Exercise
Among the entries below, find every line that has "Section" and pull it out.

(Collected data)

Lemma p2_pullback (C : CartCat) X A B (h : Hom B A) :
  is_pullback (C:=C) (p2 X A) h (p2 X B) (pair (p1 X B) (comp h (p2 X B))).
Proof.
  split; [rewrite p2_pair; reflexivity |].
  intros E x y Hxy.
  exists (pair (comp (p1 X A) y) x); split.
  - split; [apply p2_pair |].
    rewrite pair_comp, <- comp_assoc, !p1_pair, p2_pair, Hxy.
    symmetry; apply pair_uniq.
  - intros z [<- <-].
    rewrite comp_assoc, p1_pair.
    symmetry; apply pair_uniq.
Qed.

Section Comprehension.

Variables (C : CartCat) (P : Doctrine C) (K : Comprehension P).

Lemma top_le_eq A (x : Pr P A) : le (top K A) x -> x = top K A.
Proof. intro H; apply le_antisym; [apply top_max | exact H]. Qed.

Lemma rx_cmp_top_of_le A (a b : Pr P A) : le a b -> rx (cmp K a) b = top K _.
Proof.
  intro Hab; apply top_le_eq.
  rewrite <- (cmp_top K a); apply rx_mono; exact Hab.
Qed.

Lemma cmp_factorP A (a b : Pr P A) :
  (exists g, cmp K a = comp (cmp K b) g) <-> rx (cmp K a) b = top K _.
Proof.
  split.
  - intros [g ->]; rewrite rx_comp, cmp_top, top_stable; reflexivity.
  - intro E; destruct (cmp_univ E) as [g [Hg _]]; exists g; exact Hg.
Qed.

Lemma full_comprehensionP :
  full_comprehension K <-> forall A (a b : Pr P A), rx (cmp K a) b = top K _ -> le a b.
Proof.
  split.
  - intros Hfull A a b E.
    destruct (proj2 (cmp_factorP a b) E) as [g Hg]; exact (Hfull _ _ _ g Hg).
  - intros H A a b g Hg; apply H, cmp_factorP; exists g; exact Hg.
Qed.

Lemma cmp_monic A (a : Pr P A) E (y1 y2 : Hom E (cObj K a)) :
  comp (cmp K a) y1 = comp (cmp K a) y2 -> y1 = y2.
Proof.
  intro H.
  assert (T : rx (comp (cmp K a) y1) a = top K E)
    by (rewrite rx_comp, cmp_top, top_stable; reflexivity).
  destruct (cmp_univ T) as [g [_ Hg]].
  transitivity g; [symmetry; apply Hg; reflexivity | apply Hg; exact H].
Qed.

Lemma cmp_pullback A B (f : Hom B A) (a : Pr P A) :
  exists k, is_pullback (cmp K a) f (cmp K (rx f a)) k.
Proof.
  assert (T : rx (comp f (cmp K (rx f a))) a = top K _)
    by (rewrite rx_comp, cmp_top; reflexivity).
  destruct (cmp_univ T) as [k [Hk _]].
  exists k; split; [exact Hk |].
  intros E x y Hxy.
  assert (Tx : rx x (rx f a) = top K E)
    by (rewrite <- rx_comp, Hxy, rx_comp, cmp_top, top_stable; reflexivity).
  destruct (cmp_univ Tx) as [z [Hz Hz_uniq]].
  exists z; split.
  - split; [symmetry; exact Hz |].
    apply (@cmp_monic _ a).
    rewrite comp_assoc, <- Hk, <- comp_assoc, <- Hz; exact Hxy.
  - intros z' [Hz' _]; apply Hz_uniq; symmetry; exact Hz'.
Qed.

Lemma isCP_cmp A (a : Pr P A) : isCP K (cmp K a).
Proof.
  exists a, (idm _); split; [exists (idm _); split; apply comp_idl | apply comp_idr].
Qed.

Section Implication.

Variable Pi : PiOp P.
Hypothesis Pi_cmp_adj : forall A (a : Pr P A), is_right_adj (cmp K a) (Pi (cmp K a)).

Local Notation imp := (comp_imp K Pi).

Lemma le_impP A (a b g : Pr P A) :
  le g (imp a b) <-> le (rx (cmp K a) g) (rx (cmp K a) b).
Proof. apply (right_adj_le_iff (Pi_cmp_adj a)). Qed.

Lemma le_imp A (a b : Pr P A) : le b (imp a b).
Proof. apply (proj2 (proj2 (Pi_cmp_adj a))). Qed.

Lemma imp_mono_r A (a b b' : Pr P A) : le b b' -> le (imp a b) (imp a b').
Proof. intro H; apply (proj1 (Pi_cmp_adj a)), rx_mono, H. Qed.

Lemma le_imp_of_le A (a b g : Pr P A) : le a b -> le g (imp a b).
Proof. intro Hab; apply le_impP; rewrite (rx_cmp_top_of_le Hab); apply top_max. Qed.

Lemma imp_cond_c_iff_full : imp_cond_c (comp_imp K Pi) <-> full_comprehension K.
Proof.
  split.
  - intros mp; apply full_comprehensionP; intros A a b Hab.
    apply (mp A a a b); [| apply le_refl].
    apply le_impP; rewrite Hab; apply top_max.
  - intros Hfull A g f s Hgfs Hgf.
    apply (proj1 full_comprehensionP Hfull), top_le_eq.
    destruct (proj2 (cmp_factorP g f) (rx_cmp_top_of_le Hgf)) as [h Hh].
    apply le_impP, (rx_mono h) in Hgfs.
    rewrite <- !rx_comp, <- Hh, cmp_top in Hgfs; exact Hgfs.
Qed.

Section Stability.

Hypothesis Pi_cmp_BC : BC_restricted Pi (@isCP C P K).

Lemma rx_imp A B (f : Hom B A) (a b : Pr P A) :
  rx f (imp a b) = imp (rx f a) (rx f b).
Proof.
  destruct (cmp_pullback f a) as [k Hpb]; unfold comp_imp.
  rewrite (Pi_cmp_BC (isCP_cmp a) Hpb b).
  rewrite <- rx_comp, <- (proj1 Hpb), rx_comp; reflexivity.
Qed.

Hypothesis mp : imp_cond_c (comp_imp K Pi).

Lemma imp_top_l A (b : Pr P A) : imp (top K A) b = b.
Proof.
  apply le_antisym; [| apply le_imp].
  apply (mp (le_refl _)), top_max.
Qed.

Lemma rx_cmp_imp A (a b : Pr P A) : rx (cmp K a) (imp a b) = rx (cmp K a) b.
Proof. rewrite rx_imp, cmp_top, imp_top_l; reflexivity. Qed.

Lemma imp_imp_le_of_top A (g f s : Pr P A) :
  imp g f = top K A -> le (imp g (imp f s)) (imp g s).
Proof.
  intro Hgf; apply le_impP.
  assert (Hf : rx (cmp K g) f = top K _)
    by (rewrite <- rx_cmp_imp, Hgf, top_stable; reflexivity).
  rewrite rx_cmp_imp, rx_imp, Hf, imp_top_l; apply le_refl.
Qed.

Lemma imp_distr A (g f s : Pr P A) : le (imp g (imp f s)) (imp (imp g f) (imp g s)).
Proof.
  apply le_impP; rewrite !rx_imp.
  apply imp_imp_le_of_top; rewrite <- rx_imp; apply cmp_top.
Qed.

Answer below
Section Comprehension.
Section Implication.
Section Stability.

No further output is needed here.